Lemma skew_edivp p : exists q r, p = skmul sg q b + r /\ (size r < size b)%N.
Proof.
have sb : (0 < size b)%N by rewrite size_poly_gt0 monic_neq0.
elim: {p}(size p) {-2}p (leqnn (size p)) => [|n IHn] p sp.
  by exists 0, p; rewrite skmul0l add0r; split => //; size_lia.
have [small|] := ltnP (size p) (size b); first by exists 0, p; rewrite skmul0l add0r.
move=> bp; have p0 : p != 0 by rewrite -size_poly_gt0; size_lia.
pose q0 := (lead_coef p)%:P * 'X^(size p - size b).
have sq0 : size q0 = (size p - size b).+1.
  rewrite size_Mmonic ?monicXn ?polyC_eq0 ?lead_coef_eq0 //.
  by rewrite size_polyC lead_coef_eq0 p0 size_polyXn.
have q0_0 : q0 != 0 by rewrite -size_poly_gt0 sq0.
have lq0 : lead_coef q0 = lead_coef p by rewrite lead_coef_Mmonic ?monicXn // lead_coefC.
have sP : size (skmul sg q0 b) = size p by rewrite size_skmul_monic // sq0; size_lia.
pose p' := p - skmul sg q0 b.
have top : p'`_(size p).-1 = 0.
  rewrite coefB -lead_coefE -lq0 -coef_skmul_monic sq0.
  have -> : ((size p - size b).+1 + size b).-2 = (size p).-1 by size_lia.
  by rewrite subrr.
have sp' : (size p' <= n)%N.
  have le_p'p : (size p' <= size p)%N.
    by rewrite (leq_trans (size_polyD _ _)) // size_polyN sP maxnn.
  suff : (size p' <= (size p).-1)%N by size_lia.
  apply/leq_sizeP => i; rewrite leq_eqVlt => /orP [/eqP <- //|lt_i].
  by rewrite nth_default //; size_lia.
have [q [r [e sr]]] := IHn _ sp'.
by exists (q + q0), r; rewrite skmulDl addrAC -e /p' subrK.
Qed.
End MonicDivisor.

Lemma skpow_monic_size f n : f \is monic ->
  skpow sg f n \is monic /\ size (skpow sg f n) = ((size f).-1 * n).+1.
Proof.
move=> monic_f; have f0 : (0 < size f)%N by rewrite size_poly_gt0 monic_neq0.
elim: n => [|n [monic_fn size_fn]]; first by rewrite monic1 size_poly1 muln0.
split; first exact: skmul_monic.
by rewrite size_skmul_monic ?monic_neq0 // size_fn mulnS; size_lia.
Qed.
End SkewPoly.

(** * Left ideals of F[x; theta] *)

Lemma ex_minimizer (T : Type) (m : T -> nat) (P : T -> Prop) x :
  P x -> exists2 y, P y & forall z, P z -> (m y <= m z)%N.
Proof.
elim: {x}(m x) {-2}x (leqnn (m x)) => [|n IHn] x mx Px.
  by exists x => // z _; move: mx; rewrite leqn0 => /eqP ->.
have [[y Py lt_yx]|no_smaller] := classic (exists2 y, P y & (m y < m x)%N).
  by apply: (IHn y) => //; lia.
exists x => // z Pz; rewrite leqNgt; apply/negP => lt_zx.
by apply: no_smaller; exists z.
Qed.

Section SkewLeftIdeal.
Variables (F : fieldType) (th : F -> F).
Hypotheses (th0 : th 0 = 0) (th1 : th 1 = 1).
Variable I : {poly F} -> Prop.
Hypotheses (IB : forall a b, I a -> I b -> I (a - b))
           (IM : forall q a, I a -> I (skmul th q a)).

Lemma skew_lideal_monic_generator b : I b -> b != 0 ->
  exists a, [/\ a \is monic, I a, (size a <= size b)%N &
                forall c, I c -> exists q, c = skmul th q a].
Proof.
move=> Ib b0.
have [a0 [Ia0 a0_0] a0_min] :=
  @ex_minimizer _ (fun a : {poly F} => size a) (fun a => I a /\ a != 0) b (conj Ib b0).
have la0 : lead_coef a0 != 0 by rewrite lead_coef_eq0.
pose a := (lead_coef a0)^-1 *: a0.
have sa : size a = size a0 by rewrite size_scale ?invr_eq0.
have ma : a \is monic by rewrite monicE lead_coefZ mulVf.
have Ia : I a by rewrite /a -(skmulCl th); apply: IM.
exists a; split => //; first by rewrite sa; apply: a0_min.
move=> c Ic; have [q [r [e sr]]] := skew_edivp th0 th1 ma c.
exists q; have [r0|r_neq0] := eqVneq r 0; first by rewrite e r0 addr0.
have Ir : I r.
  have -> : r = c - skmul th q a by rewrite e addrAC subrr add0r.
  exact/IB/IM.
by have := a0_min r (conj Ir r_neq0); rewrite -sa; size_lia.
Qed.
End SkewLeftIdeal.

(** * The chain ring R_k = F[u]/(u^k) *)

Section Morphisms.
Variables (F : fieldType) (k : nat).
Local Notation R := (Rk F k).
Local Notation in_R := (in_qpoly ('X^k : {poly F})).

Lemma mu_in_qpoly p : mu (in_R p) = p`_0.
Proof.
rewrite /mu /= mk_monic_Xn.
have := Pdiv.RingMonic.rdivp_eq (monicXn F k.-1.+1) p.
by move=> {2}->; rewrite coefD coefMXn add0r.
Qed.

Lemma in_qpoly_polyn (a : R) : in_R (polyn a) = a.
Proof. by apply: val_inj; apply: Pdiv.CommonRing.rmodp_small; apply: size_mk_monic. Qed.

Lemma mu_is_zmod_morphism : zmod_morphism (@mu F k).
Proof. by move=> a b; rewrite /mu /= coefB. Qed.

Lemma mu_is_monoid_morphism : monoid_morphism (@mu F k).
Proof.
split; first by rewrite -(in_qpoly1 ('X^k : {poly F})) mu_in_qpoly coef1.
by move=> a b; rewrite -[a]in_qpoly_polyn -[b]in_qpoly_polyn -rmorphM !mu_in_qpoly coef0M.
Qed.

HB.instance Definition _ :=
  GRing.isZmodMorphism.Build _ _ (@mu F k) mu_is_zmod_morphism.
HB.instance Definition _ :=
  GRing.isMonoidMorphism.Build _ _ (@mu F k) mu_is_monoid_morphism.

Lemma embF_is_zmod_morphism : zmod_morphism (@embF F k).
Proof. by move=> a b; rewrite /embF polyCB rmorphB. Qed.

Lemma embF_is_monoid_morphism : monoid_morphism (@embF F k).
Proof. by split => [|a b]; rewrite /embF ?polyCM ?rmorph1 ?rmorphM. Qed.

HB.instance Definition _ :=
  GRing.isZmodMorphism.Build _ _ (@embF F k) embF_is_zmod_morphism.
HB.instance Definition _ :=
  GRing.isMonoidMorphism.Build _ _ (@embF F k) embF_is_monoid_morphism.

Lemma emb_poly_is_zmod_morphism : zmod_morphism (@emb_poly F k).
Proof. by move=> p q; rewrite /emb_poly rmorphB. Qed.

Lemma emb_poly_is_monoid_morphism : monoid_morphism (@emb_poly F k).
Proof. by split => [|p q]; rewrite /emb_poly ?rmorph1 ?rmorphM. Qed.

HB.instance Definition _ :=
  GRing.isZmodMorphism.Build _ _ (@emb_poly F k) emb_poly_is_zmod_morphism.
HB.instance Definition _ :=
  GRing.isMonoidMorphism.Build _ _ (@emb_poly F k) emb_poly_is_monoid_morphism.

Lemma mu_poly_is_zmod_morphism : zmod_morphism (@mu_poly F k).
Proof. by move=> p q; rewrite /mu_poly rmorphB. Qed.

Lemma mu_poly_is_monoid_morphism : monoid_morphism (@mu_poly F k).
Proof. by split => [|p q]; rewrite /mu_poly ?rmorph1 ?rmorphM. Qed.

HB.instance Definition _ :=
  GRing.isZmodMorphism.Build _ _ (@mu_poly F k) mu_poly_is_zmod_morphism.
HB.instance Definition _ :=
  GRing.isMonoidMorphism.Build _ _ (@mu_poly F k) mu_poly_is_monoid_morphism.

Variable Theta : {rmorphism R -> R}.

Lemma theta_of_is_zmod_morphism : zmod_morphism (theta_of Theta).
Proof. by move=> a b; rewrite /theta_of !rmorphB. Qed.

Lemma theta_of_is_monoid_morphism : monoid_morphism (theta_of Theta).
Proof. by split => [|a b]; rewrite /theta_of ?rmorph1 ?rmorphM. Qed.

HB.instance Definition _ :=
  GRing.isZmodMorphism.Build _ _ (theta_of Theta) theta_of_is_zmod_morphism.
HB.instance Definition _ :=
  GRing.isMonoidMorphism.Build _ _ (theta_of Theta) theta_of_is_monoid_morphism.

(* Specialisations of [rmorph0] and [rmorphB]: rewriting with the generic
   lemmas is very slow on polynomials over R_k. *)
Lemma emb_poly0 : emb_poly k (0 : {poly F}) = 0.
Proof. exact: rmorph0. Qed.

Lemma emb_polyB (p q : {poly F}) : emb_poly k (p - q) = emb_poly k p - emb_poly k q.
Proof. exact: rmorphB. Qed.
End Morphisms.

Section TruncatedPolyRing.
Variables (F : fieldType) (k : nat).
Local Notation R := (Rk F k).
Local Notation in_R := (in_qpoly ('X^k : {poly F})).
Local Notation u := (uu F k).
Local Notation emb := (@emb_poly F k).

Lemma mu_embF (c : F) : mu (embF k c) = c.
Proof. by rewrite /embF mu_in_qpoly coefC. Qed.

Lemma mu_u : mu u = 0.
Proof. by rewrite mu_in_qpoly coefX. Qed.

Lemma u_nilpotent : (0 < k)%N -> u ^+ k = 0.
Proof.
move=> k_gt0; rewrite -rmorphXn; apply: val_inj => /=.
by rewrite mk_monic_Xn prednK // Pdiv.RingMonic.rmodpp ?monicXn.
Qed.

Lemma u_neq0 : (1 < k)%N -> u != 0.
Proof.
move=> k_gt1; apply/eqP => /(congr1 (fun a : R => (polyn a)`_1)).
rewrite /= mk_monic_Xn Pdiv.CommonRing.rmodp_small ?coefX ?coef0 /=.
  by move/eqP; rewrite oner_eq0.
by rewrite size_polyXn (@size_polyX F) prednK // ltnW.
Qed.

Definition dec (a : R) : R := in_R (drop_poly 1 (polyn a)).

Lemma decE a : a = embF k (mu a) + u * dec a.
Proof.
rewrite /embF /uu /dec -rmorphM -in_qpolyD mulrC.
have -> : (mu a)%:P = take_poly 1 (polyn a).
  by apply/polyP => -[|i]; rewrite coef_take_poly coefC.
by rewrite poly_take_drop in_qpoly_polyn.
Qed.

Lemma dec0 : dec 0 = 0.
Proof. by rewrite /dec drop_poly0r in_qpoly0. Qed.

Definition pdec (P : {poly R}) : {poly R} := map_poly dec P.

Lemma pdecE P : P = emb (mu_poly P) + u *: pdec P.
Proof.
apply/polyP => i; rewrite coefD coefZ !coef_map /= coef_map_id0 ?dec0 //.
exact: decE.
Qed.

Lemma emb_mulX p : emb ('X * p) = 'X * emb p.
Proof. by rewrite rmorphM /= /emb_poly map_polyX. Qed.

Lemma scale_sub_emb_add_u s Q b h :
  u ^+ s *: Q - u ^+ s *: (emb b + u *: h) =
  u ^+ s *: emb (mu_poly Q - b) + u ^+ s.+1 *: (pdec Q - h).
Proof.
rewrite {1}(pdecE Q) emb_polyB exprSr -scalerA -!scalerBr -scalerDr.
by rewrite opprD addrACA scalerBr.
Qed.

Lemma sum_scale_u_factor m n (X : nat -> {poly Rk F k}) :
  \sum_(m <= T < n) u ^+ T *: X T = u ^+ m *: \sum_(m <= T < n) u ^+ (T - m) *: X T.
Proof.
rewrite scaler_sumr; apply: eq_big_nat => T /andP [le_mT _].
by rewrite scalerA -exprD subnKC.
Qed.
End TruncatedPolyRing.

Section SkewTruncated.
Variables (F : fieldType) (k : nat).
Hypothesis k_gt0 : (0 < k)%N.
Variable Theta : {rmorphism Rk F k -> Rk F k}.
Local Notation R := (Rk F k).
Local Notation u := (uu F k).
Local Notation th := (theta_of Theta).

Lemma mu_Theta_u : mu (Theta u) = 0.
Proof.
have : mu (Theta u) ^+ k = 0 by rewrite -2!rmorphXn u_nilpotent // !rmorph0.
by move/eqP; rewrite expf_eq0 => /andP [_ /eqP].
Qed.

Lemma mu_Theta a : mu (Theta a) = th (mu a).
Proof. by rewrite {1}(decE a) !rmorphD !rmorphM /= mu_Theta_u mul0r addr0. Qed.

Definition u_cofactor : R := dec (Theta u).
Local Notation v := u_cofactor.

Lemma Theta_u : Theta u = u * v.
Proof. by rewrite {1}(decE (Theta u)) mu_Theta_u rmorph0 add0r. Qed.

(* Otherwise Theta u lies in u^2 R_k; as Theta is onto, u = u z with z
   nilpotent, so u = 0. *)
Lemma mu_u_cofactor_neq0 : bijective Theta -> (1 < k)%N -> mu v != 0.
Proof.
case=> Theta' ThetaK Theta'K k_gt1; apply/eqP => mu_v0.
have vE : v = u * dec v by rewrite {1}(decE v) mu_v0 rmorph0 add0r.
pose w := Theta' u.
have uE : u = Theta w by rewrite Theta'K.
have mu_w0 : mu w = 0.
  by apply/eqP; rewrite -(fmorph_eq0 th) /= -mu_Theta -uE mu_u.
have wE : w = u * dec w by rewrite {1}(decE w) mu_w0 rmorph0 add0r.
pose z := u * (dec v * Theta (dec w)).
have uz : u = u * z by rewrite {1}uE wE rmorphM Theta_u vE /z; ring.
have uzn n : u = u * z ^+ n.
  by elim: n => [|n IHn]; rewrite ?mulr1 // exprS mulrA -uz.
move: (uzn k); rewrite exprMn u_nilpotent // mul0r mulr0 => /eqP.
by apply/negP: (u_neq0 F k_gt1).
Qed.
End SkewTruncated.

(** * Torsion codes *)

Section Torsion.
Variables (F : fieldType) (k : nat).
Hypothesis k_gt0 : (0 < k)%N.
Variable Theta : {rmorphism Rk F k -> Rk F k}.
Hypothesis Theta_bij : bijective Theta.
Local Notation R := (Rk F k).
Local Notation u := (uu F k).
Local Notation th := (theta_of Theta).
Local Notation emb := (@emb_poly F k).
Local Notation v := (u_cofactor Theta).

Lemma scale_emb_add_u (c : R) b Q :
  c *: (emb b + u *: Q) = emb (mu c *: b) + u *: (dec c *: emb b + c *: Q).
Proof.
have cE := decE c.
rewrite /emb_poly map_polyZ -!mul_polyC; move: (mu c) (dec c) cE => c0 c1 ->.
rewrite !rmorphD !rmorphM /=; ring.
Qed.

Lemma mu_poly_map_Theta_emb b : mu_poly (map_poly Theta (emb b)) = map_poly th b.
Proof. by apply/polyP => i; rewrite /mu_poly /emb_poly !coef_map. Qed.

Lemma map_Theta_emb_add_u b h : map_poly Theta (emb b + u *: h) =
  emb (map_poly th b) + u *: (pdec (map_poly Theta (emb b)) + v *: map_poly Theta h).
Proof.
rewrite rmorphD /= map_polyZ Theta_u // scalerDr scalerA addrA; congr (_ + _).
by rewrite -mu_poly_map_Theta_emb; apply: pdecE.
Qed.

(* Closure under scalars and left multiplication by x, rather than by all of
   R_k[x; Theta]: without associativity of [skmul], this is what the principal
   left ideals [fun P => exists c, P = skmul Theta c G] can be shown to satisfy. *)
Definition lideal_closed (J : {poly R} -> Prop) :=
  [/\ J 0, (forall a b, J a -> J b -> J (a + b)),
      (forall (c : R) a, J a -> J (c *: a)) &
      (forall a, J a -> J (skmul Theta 'X a))].

(* The paper's torsion code Tor_(s+1)(J). *)
Definition Tor (J : {poly R} -> Prop) s (b : {poly F}) :=
  exists h, J (u ^+ s *: (emb b + u *: h)).

Variable J : {poly R} -> Prop.
Hypothesis J_closed : lideal_closed J.

Lemma Tor0 s : Tor J s 0.
Proof. by case: J_closed => J0 _ _ _; exists 0; rewrite emb_poly0 scaler0 addr0 scaler0. Qed.

Lemma TorD s b1 b2 : Tor J s b1 -> Tor J s b2 -> Tor J s (b1 + b2).
Proof.
case: J_closed => _ JD _ _ [h1 J1] [h2 J2]; exists (h1 + h2).
have -> : u ^+ s *: (emb (b1 + b2) + u *: (h1 + h2)) =
    u ^+ s *: (emb b1 + u *: h1) + u ^+ s *: (emb b2 + u *: h2).
  by rewrite -scalerDr rmorphD /= [u *: _]scalerDr addrACA.
exact: JD.
Qed.

Lemma TorZ s (c : F) b : Tor J s b -> Tor J s (c *: b).
Proof.
case: J_closed => _ _ JZ _ [h Jh].
move: (JZ (embF k c) _ Jh); rewrite scalerA mulrC -scalerA scale_emb_add_u mu_embF.
by move=> Jc; exists (dec (embF k c) *: emb b + embF k c *: h).
Qed.

Lemma TorN s b : Tor J s b -> Tor J s (- b).
Proof. by rewrite -scaleN1r; apply: TorZ. Qed.

Lemma TorB s b1 b2 : Tor J s b1 -> Tor J s b2 -> Tor J s (b1 - b2).
Proof. by move=> T1 T2; apply/TorD/TorN. Qed.

Lemma Tor_mu_poly s Q : J (u ^+ s *: Q) -> Tor J s (mu_poly Q).
Proof. by rewrite {1}(pdecE Q); exists (pdec Q). Qed.

Lemma TorS s b : Tor J s b -> Tor J s.+1 b.
Proof.
case: J_closed => _ _ JZ _ [h Jh]; exists h.
by rewrite exprS -scalerA; apply: JZ.
Qed.

Lemma Tor_leq s t b : (s <= t)%N -> Tor J s b -> Tor J t b.
Proof. by move/subnK <-; elim: (t - s)%N => // n IHn /IHn /TorS. Qed.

• _EXERCISE INSTRUCTIONS_: Output each line of the listing above that has "addrACA".

• _EXPECTED ANSWER_:
by rewrite opprD addrACA scalerBr.
  by rewrite -scalerDr rmorphD /= [u *: _]scalerDr addrACA.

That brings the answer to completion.